I apologize if this has been asked before, but has anyone used a UNIBONE on a real KS10/2020? Does it work? I think the only emulations that would be useful on a 2020 are the RH11 for disk and tape, and maybe some DZ11 terminals. There are a whole slew of potential issues, such as using the two parity bits as extra data bits, plus just a different UBA and a completely different OS and drivers.
Thanks,
Bob
The one rule was (keeping your formatting): "This is the UniBone mantra: The whole device emulation logic shall be done in Linux user processes."

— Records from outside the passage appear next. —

Lemma PFP_eq_proportional :
  PFP p mu = ((frame_const R d p)%:E * (pmoment p mu * pmoment p mu))%E ->
  exists c, forall t : p.-tuple I, T t = c * W t.
Proof.
rewrite PFP_tensor pmoment_tensor -!EFinM const_pmoment_sqr -sum_gmoment_sqr.
move=> PFP_eq; have {}PFP_eq := EFin_inj PFP_eq.
have TW := @cauchy_schwarz_sum_eq _ _ _ (fun t : p.-tuple I => T t) W_norm_gt0.
by eexists => t; apply: TW; rewrite PFP_eq [RHS]mulrC divfK ?lt0r_neq0.
Qed.

Lemma proportional_PFP_eq (c : R) : (forall t : p.-tuple I, T t = c * W t) ->
  PFP p mu = ((frame_const R d p)%:E * (pmoment p mu * pmoment p mu))%E.
Proof.
move=> TW; rewrite PFP_tensor pmoment_tensor -!EFinM const_pmoment_sqr.
under eq_bigr do rewrite TW mulrACA.
under [X in _ = (X * X / _)%:E]eq_bigr do rewrite TW mulrCA.
rewrite -!mulr_sumr sum_gmoment_sqr; congr EFin.
by field; rewrite !lt0r_neq0 ?oddfact_gt0 ?chi2_moment_gt0.
Qed.

End MomentTensor.

Theorem mainTheorem14 (R : realType) (d p : nat) (mu : probability (d.-tuple R) R) :
  (0 < d)%N -> (2 <= p)%N -> ~~ odd p ->
  finite_pmoment p mu -> prob_pframe p mu ->
  ((frame_const R d p)%:E * (pmoment p mu * pmoment p mu) <= PFP p mu)%E /\
  (PFP p mu = (frame_const R d p)%:E * (pmoment p mu * pmoment p mu)
     <-> tight_prob_pframe p mu)%E.
Proof.
move=> d0 _ /negbTE p_even; have [m ->] : exists m, p = m.*2.
  by exists p./2; rewrite -[p in LHS]odd_double_half p_even.
move=> mu_moment mu_frame; split; first exact: PFP_ge_pmoment_sqr.
split=> [/(PFP_eq_proportional mu_moment d0) [c TW] | [A [_ FA]]].
  exact: tight_prob_pframe_homogeneous d0 mu_frame (frame_int_proportional mu_moment TW).
exact: (@proportional_PFP_eq R d m mu mu_moment d0 _ (proportional_frame_int mu_moment FA)).
Qed.
(* Let $(\mathcal{U},f,g,\preccurlyeq)$ be a fault-tolerance partially ordered $(m,n)$-semiring as described in the context, and let $x_1,\ldots,x_m,y_1,\ldots,y_n\in\mathcal{U}$ be disjoint components. Then (i) $f(x_1^m)\preccurlyeq f(f(x_1^m),f(x_1^m),\ldots,f(x_1^m))$ (with $m$ copies of $f(x_1^m)$); (ii) $g(g(y_1^n),g(y_1^n),\ldots,g(y_1^n))\preccurlyeq g(y_1^n)$ (with $n$ copies of $g(y_1^n)$).
   Context: Notation: $x_i^j$ denotes $x_i,\ldots,x_j$. $(\mathcal{U},f,g)$ is an $(m,n)$-semiring: $f$ is an associative $m$-ary and $g$ an associative $n$-ary operation on $\mathcal{U}$ (associativity of a $k$-ary $h$: $h(x_1^{i-1},h(x_i^{k+i-1}),x_{k+i}^{2k-1})=h(x_1^{j-1},h(x_j^{k+j-1}),x_{k+j}^{2k-1})$ for $1\le i\le j\le k$), and $g$ distributes over $f$ in every position. $\mathcal{U}$ is interpreted as a set of systems; $f(x_1^m)$ is the system that fails when any $x_i$ fails, $g(y_1^n)$ the system that fails only when all $y_j$ fail; elements are assumed to be disjoint components (failing independently), which imposes no further algebraic condition. $\mathbf{0}\in\mathcal{U}$ (the always-up system) is an $f$-identity ($f(\mathbf{0},\ldots,x,\ldots,\mathbf{0})=x$ in every position) and $\mathbf{1}$ (the always-down system) is a $g$-identity; moreover $g(y_1^{j-1},\mathbf{0},y_{j+1}^n)=\mathbf{0}$ and $f(x_1^{i-1},\mathbf{1},x_{i+1}^m)=\mathbf{1}$ for all arguments and positions. $\preccurlyeq$ is a partial order on $\mathcal{U}$ (''fault-tolerance partial order'') such that $(\mathcal{U},f,g,\preccurlyeq)$ is a partially ordered $(m,n)$-semiring: $a\preccurlyeq b$ implies $f(x_1^{i-1},a,x_{i+1}^m)\preccurlyeq f(x_1^{i-1},b,x_{i+1}^m)$ and $g(y_1^{j-1},a,y_{j+1}^n)\preccurlyeq g(y_1^{j-1},b,y_{j+1}^n)$ for all arguments and all positions; and $\mathbf{0}\preccurlyeq a\preccurlyeq\mathbf{1}$ for all $a\in\mathcal{U}$. *)

From mathcomp Require Import all_boot.
Set Implicit Arguments. Unset Strict Implicit. Unset Printing Implicit Defensive.

(* The k-tuple (s_0, ..., s_{k-1}) built from a sequence s (d is an
   irrelevant default, only used when size s < k). *)
Definition tup_of (U : Type) (k : nat) (d : U) (s : seq U) : k.-tuple U :=
  [tuple nth d s i | i < k].

Definition tset (U : Type) (k : nat) (a : k.-tuple U) (j : 'I_k) (v : U)
  : k.-tuple U :=
  [tuple if i == j then v else tnth a i | i < k].

(* Associativity of a k-ary operation h: for every (x_1,...,x_{2k-1}),
   h(x_1^{i-1}, h(x_i^{k+i-1}), x_{k+i}^{2k-1}) is independent of
   i in 1..k  (here i is 0-based). *)
Definition assoc_op (U : Type) (k : nat) (d : U) (h : k.-tuple U -> U) : Prop :=
  forall (s : seq U), size s = (2 * k - 1)%N ->
  forall i j : nat, (i <= j < k)%N ->
    h (tup_of k d (take i s ++ h (tup_of k d (take k (drop i s))) :: drop (i + k) s))
    = h (tup_of k d (take j s ++ h (tup_of k d (take k (drop j s))) :: drop (j + k) s)).

(* Partially ordered (m,n)-semiring (U, f, g, le) with f-identity zero
   (always-up system) and g-identity one (always-down system), satisfying
   the fault-tolerance conditions of the context. *)
Record fault_tolerance_po_semiring (U : Type) (m n : nat)
    (f : m.-tuple U -> U) (g : n.-tuple U -> U) (zero one : U)
    (le : U -> U -> Prop) : Prop := {
  ft_m : (2 <= m)%N;
  ft_n : (2 <= n)%N;
  ft_f_assoc : assoc_op zero f;
  ft_g_assoc : assoc_op zero g;
  ft_distr : forall (a : n.-tuple U) (j : 'I_n) (x : m.-tuple U),
      g (tset a j (f x)) = f [tuple g (tset a j (tnth x i)) | i < m];
  ft_zero_id : forall (i : 'I_m) (x : U), f (tset [tuple zero | _ < m] i x) = x;
  ft_one_id : forall (j : 'I_n) (y : U), g (tset [tuple one | _ < n] j y) = y;
  ft_g_zero : forall (a : n.-tuple U) (j : 'I_n), g (tset a j zero) = zero;
  ft_f_one : forall (a : m.-tuple U) (i : 'I_m), f (tset a i one) = one;
  ft_le_refl : forall a, le a a;
  ft_le_antisym : forall a b, le a b -> le b a -> a = b;
  ft_le_trans : forall a b c, le a b -> le b c -> le a c;
  ft_f_mono : forall (x : m.-tuple U) (i : 'I_m) (a b : U),
      le a b -> le (f (tset x i a)) (f (tset x i b));
  ft_g_mono : forall (y : n.-tuple U) (j : 'I_n) (a b : U),
      le a b -> le (g (tset y j a)) (g (tset y j b));
  ft_zero_le : forall a, le zero a;
  ft_le_one : forall a, le a one
}.

From mathcomp Require Import all_boot.

(* Idea: by the identity law, [c] is the value of the tuple (c, e, ..., e),
   where [e] is the identity element and [e <= c].  Raising the entries [e]
   to [c] one at a time can only increase the value, by monotonicity; at the
   end all entries are [c].  Part (ii) is the same argument for [g] and the
   dual order, [one] being the top element. *)

Section MonotoneOperation.

Variables (U : Type) (k : nat) (h : k.-tuple U -> U) (R : U -> U -> Prop).
Hypothesis R_refl : forall a, R a a.
Hypothesis R_trans : forall a b c, R a b -> R b c -> R a c.
Hypothesis h_mono : forall (x : k.-tuple U) (i : 'I_k) (a b : U),
  R a b -> R (h (tset x i a)) (h (tset x i b)).

Lemma mono_pointwise (a b : k.-tuple U) :
  (forall i, R (tnth a i) (tnth b i)) -> R (h a) (h b).
Proof.
move=> Rab.
pose mix j := [tuple if (i < j)%N then tnth b i else tnth a i | i < k].
have mix0 : mix 0 = a by apply: eq_from_tnth => i; rewrite tnth_mktuple.
have mixk : mix k = b by apply: eq_from_tnth => i; rewrite tnth_mktuple ltn_ord.
have mixS j : R (h (mix j)) (h (mix j.+1)).
  case: (ltnP j k) => [jk | kj].
    pose o := Ordinal jk.
    have -> : mix j = tset (mix j) o (tnth a o).
      apply: eq_from_tnth => i; rewrite !tnth_mktuple.
      by case: eqP => [->|]; rewrite /= ?ltnn.
    have -> : mix j.+1 = tset (mix j) o (tnth b o).
      apply: eq_from_tnth => i; rewrite !tnth_mktuple ltnS leq_eqVlt.
      case: (eqVneq i o) => [->|ne_io]; first by rewrite eqxx.
      by rewrite -[j]/(val o) val_eqE (negbTE ne_io).
    exact: h_mono.
  have -> : mix j.+1 = mix j.
    apply: eq_from_tnth => i; rewrite !tnth_mktuple.
    by rewrite !(leq_trans (ltn_ord i)) ?(leq_trans kj).
  exact: R_refl.
have mix_chain j : R (h (mix 0)) (h (mix j)).
  by elim: j => [|j IHj]; [exact: R_refl | exact: R_trans IHj (mixS j)].
by rewrite -mix0 -mixk.
Qed.

Lemma le_op_const (e c : U) (i0 : 'I_k) :
  R e c -> h (tset [tuple e | _ < k] i0 c) = c -> R c (h [tuple c | _ < k]).
Proof.
move=> Rec id_c; rewrite -{1}id_c; apply: mono_pointwise => i.
by rewrite !tnth_mktuple; case: eqP.
Qed.

End MonotoneOperation.

Theorem theorem11 (U : Type) (m n : nat)
    (f : m.-tuple U -> U) (g : n.-tuple U -> U) (zero one : U)
    (le : U -> U -> Prop) :
  fault_tolerance_po_semiring f g zero one le ->
  forall (x : m.-tuple U) (y : n.-tuple U),
    le (f x) (f [tuple f x | _ < m]) /\
    le (g [tuple g y | _ < n]) (g y).
Proof.
move=> H x y.
have i0 : 'I_m by exists 0; apply: leq_trans (ft_m H).
have j0 : 'I_n by exists 0; apply: leq_trans (ft_n H).
split.
- apply: (@le_op_const U m f le (ft_le_refl H) (ft_le_trans H) (ft_f_mono H)
            zero _ i0).
    exact: ft_zero_le H _.
  exact: ft_zero_id H _ _.
- apply: (@le_op_const U n g (fun a b => le b a) (ft_le_refl H)
            (fun a b c ab bc => ft_le_trans H bc ab)
            (fun t j a b ab => ft_g_mono H t j ab) one _ j0).
    exact: ft_le_one H _.
  exact: ft_one_id H _ _.
Qed.
(* Every ordered graph $F$ on $k$ vertices that does not contain a monotone path of length two is an ordered subgraph of $H_k$.
   Context: An ordered graph is a graph with a totally ordered vertex set. A monotone path of length two in $F$ consists of vertices $u<v<w$ with $uv,vw\in E(F)$. $H_k$ is the ordered graph with vertex set $[k]\times\{0,1\}$, ordered lexicographically ($(a,i)<(b,j)$ iff $a<b$, or $a=b$ and $i<j$), and edge set $\{(x,0)(y,1): x\le y\}$. $F$ is an ordered subgraph of $H$ if there is an injective order-preserving map $V(F)\to V(H)$ sending edges of $F$ to edges of $H$. *)

From mathcomp Require Import all_boot.
Set Implicit Arguments. Unset Strict Implicit. Unset Printing Implicit Defensive.

Definition simple_graph (k : nat) (e : rel 'I_k) : Prop :=
  irreflexive e /\ symmetric e.

Definition has_monotone_P2 (k : nat) (e : rel 'I_k) : Prop :=
  exists u v w : 'I_k, [/\ u < v, v < w, e u v & e v w].

(* Vertex set of H_k : [k] x {0,1}, with 0 = false, 1 = true;
   first coordinate a : 'I_k stands for a+1 in [k]. *)
Definition Hvert (k : nat) := ('I_k * bool)%type.

Definition Hlt (k : nat) (p q : Hvert k) : bool :=
  (p.1 < q.1) || ((p.1 == q.1) && ~~ p.2 && q.2).

Definition Hedge (k : nat) (p q : Hvert k) : bool :=
  (~~ p.2 && q.2 && (p.1 <= q.1)) || (~~ q.2 && p.2 && (q.1 <= p.1)).

Definition ordered_subgraph_of_H (m k : nat) (e : rel 'I_m) : Prop :=
  exists f : 'I_m -> Hvert k,
    [/\ injective f,
        (forall x y : 'I_m, x < y -> Hlt (f x) (f y)) &
        (forall x y : 'I_m, e x y -> Hedge (f x) (f y))].

From mathcomp Require Import all_boot.

Set Implicit Arguments.
Unset Strict Implicit.
Unset Printing Implicit Defensive.

(* Send v to (v, 1) if v has a neighbour to its left and to (v, 0) otherwise.
   For an edge u < v the vertex v gets label 1, and u gets label 0 because a
   left neighbour of u would give a monotone path through u and v; hence the
   edge becomes (u, 0)(v, 1) with u <= v, an edge of H_k. *)

Lemma Hlt_pair (k : nat) (x y : 'I_k) (a b : bool) : x < y -> Hlt (x, a) (y, b).
Proof. by move=> xy; rewrite /Hlt /= xy. Qed.

Lemma Hedge_sym (k : nat) : symmetric (@Hedge k).
Proof. by move=> p q; rewrite /Hedge orbC. Qed.

Lemma Hedge_lr (k : nat) (x y : 'I_k) : x <= y -> Hedge (x, false) (y, true).
Proof. by rewrite /Hedge /= => ->. Qed.

Section LeftNeighbourLabelling.

Variables (k : nat) (e : rel 'I_k).

Definition has_left_nbr (v : 'I_k) : bool := [exists u : 'I_k, (u < v) && e u v].

Definition left_nbr_label (v : 'I_k) : Hvert k := (v, has_left_nbr v).

Lemma has_left_nbr_edge (u v : 'I_k) : u < v -> e u v -> has_left_nbr v.
Proof. by move=> uv euv; apply/existsP; exists u; rewrite uv euv. Qed.

Lemma no_left_nbr_edge (u v : 'I_k) :
  ~ has_monotone_P2 e -> u < v -> e u v -> ~~ has_left_nbr u.
Proof.
move=> noP2 uv euv; apply/existsP => -[w /andP[wu ewu]].
by apply: noP2; exists w, u, v.
Qed.

Lemma left_nbr_label_inj : injective left_nbr_label.
Proof. by move=> x y []. Qed.

Lemma left_nbr_label_edge_lt (u v : 'I_k) :
  ~ has_monotone_P2 e -> u < v -> e u v ->
  Hedge (left_nbr_label u) (left_nbr_label v).
Proof.
move=> noP2 uv euv; rewrite /left_nbr_label (has_left_nbr_edge uv euv).
by rewrite (negbTE (no_left_nbr_edge noP2 uv euv)) Hedge_lr // ltnW.
Qed.

End LeftNeighbourLabelling.

Theorem lemma4p1 (k : nat) (e : rel 'I_k) :
  simple_graph e -> ~ has_monotone_P2 e -> ordered_subgraph_of_H k e.
Proof.
move=> [irr sym] noP2; exists (left_nbr_label e); split.
- exact: left_nbr_label_inj.
- by move=> x y; apply: Hlt_pair.
- move=> x y exy; case: (ltngtP x y) => [xy|yx|/val_inj xy].
  + exact: left_nbr_label_edge_lt.
  + by rewrite Hedge_sym; apply: left_nbr_label_edge_lt; rewrite // sym.
  + by rewrite xy irr in exy.
Qed.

Since the 2020 was only ever going to need the RH11s of a single device type on each bus, I moved the RH11 emulation and the massbus-side drive registers into the PRU, leaving just the actual storage parts of the disk and tape drives in Linux. I also dumped all of the C++ code and kept only the bits I needed for communicating with the PRU. The rest I wrote in straight C. I was only ever going to emulate the RH11 and the stuff attached to it, so the vast majority of the Unibone user-space code was just overhead in my case. The Chaosnet interface was only a 5 registers and an interrupt latch, so it was done at the very end of things, using the remaining code space in the second Unibone. I wound up with just a handful of bytes of free PRU code space on both sides, and it's not pretty, but it runs.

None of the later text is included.